Segment Start: PROVIDED RECORDS

(* Let $n,m,N$ be positive integers with $n>m$ and $\frac{n-1}{n-m}\leq N\leq m$. For almost all $X_0\in\mathbb{C}^{m\times N}$ and $A\in\mathbb{C}^{n\times m}$ (outside a Lebesgue-null set), the $(1+n(N-1))\times mN$ matrix \[ \begin{bmatrix} \operatorname{vec}(X_0)^*\\ D(A^{(1,:)},X_0)\\ \vdots\\ D(A^{(n,:)},X_0) \end{bmatrix} \] has full column rank $mN$.
   Context: $\operatorname{vec}(X)$ is the column vector obtained by stacking the columns of $X$; $^*$ denotes conjugate transpose; $\otimes$ is the Kronecker product. $A^{(k,:)}\in\mathbb{C}^{1\times m}$ is the $k$th row of $A$ and $X_0^{(:,j)}$ the $j$th column of $X_0$. For a row vector $a\in\mathbb{C}^{1\times m}$ and $X_0\in\mathbb{C}^{m\times N}$, $D(a,X_0)\in\mathbb{C}^{(N-1)\times mN}$ is defined as $D(a,X_0)=B\otimes a$, where $B\in\mathbb{C}^{(N-1)\times N}$ has, in its row $i-1$ (for $i=2,\dots,N$), entry $-aX_0^{(:,i)}$ in column $1$, entry $aX_0^{(:,1)}$ in column $i$, and zeros elsewhere. *)

From Stdlib Require Import Reals Lra Lia Arith.
Open Scope R_scope.

Definition C := (R * R)%type.
Definition C0 : C := (0, 0).
Definition Cadd (z w : C) : C := (fst z + fst w, snd z + snd w).
Definition Cmul (z w : C) : C :=
  (fst z * fst w - snd z * snd w, fst z * snd w + snd z * fst w).
Definition Copp (z : C) : C := (- fst z, - snd z).
Definition Cconj (z : C) : C := (fst z, - snd z).

Fixpoint Csum (n : nat) (f : nat -> C) : C :=
  match n with O => C0 | S k => Cadd (Csum k f) (f k) end.

(* A matrix is given by its entries (0-based); dimensions are carried separately. *)
Definition cmat := nat -> nat -> C.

Segment End: PROVIDED RECORDS

Please copy exactly the lines from the one that contains "Definition Cconj (z" up to and including the final line of the listing above.

Definition Cconj (z : C) : C := (fst z, - snd z).

Fixpoint Csum (n : nat) (f : nat -> C) : C :=
  match n with O => C0 | S k => Cadd (Csum k f) (f k) end.

(* A matrix is given by its entries (0-based); dimensions are carried separately. *)
Definition cmat := nat -> nat -> C.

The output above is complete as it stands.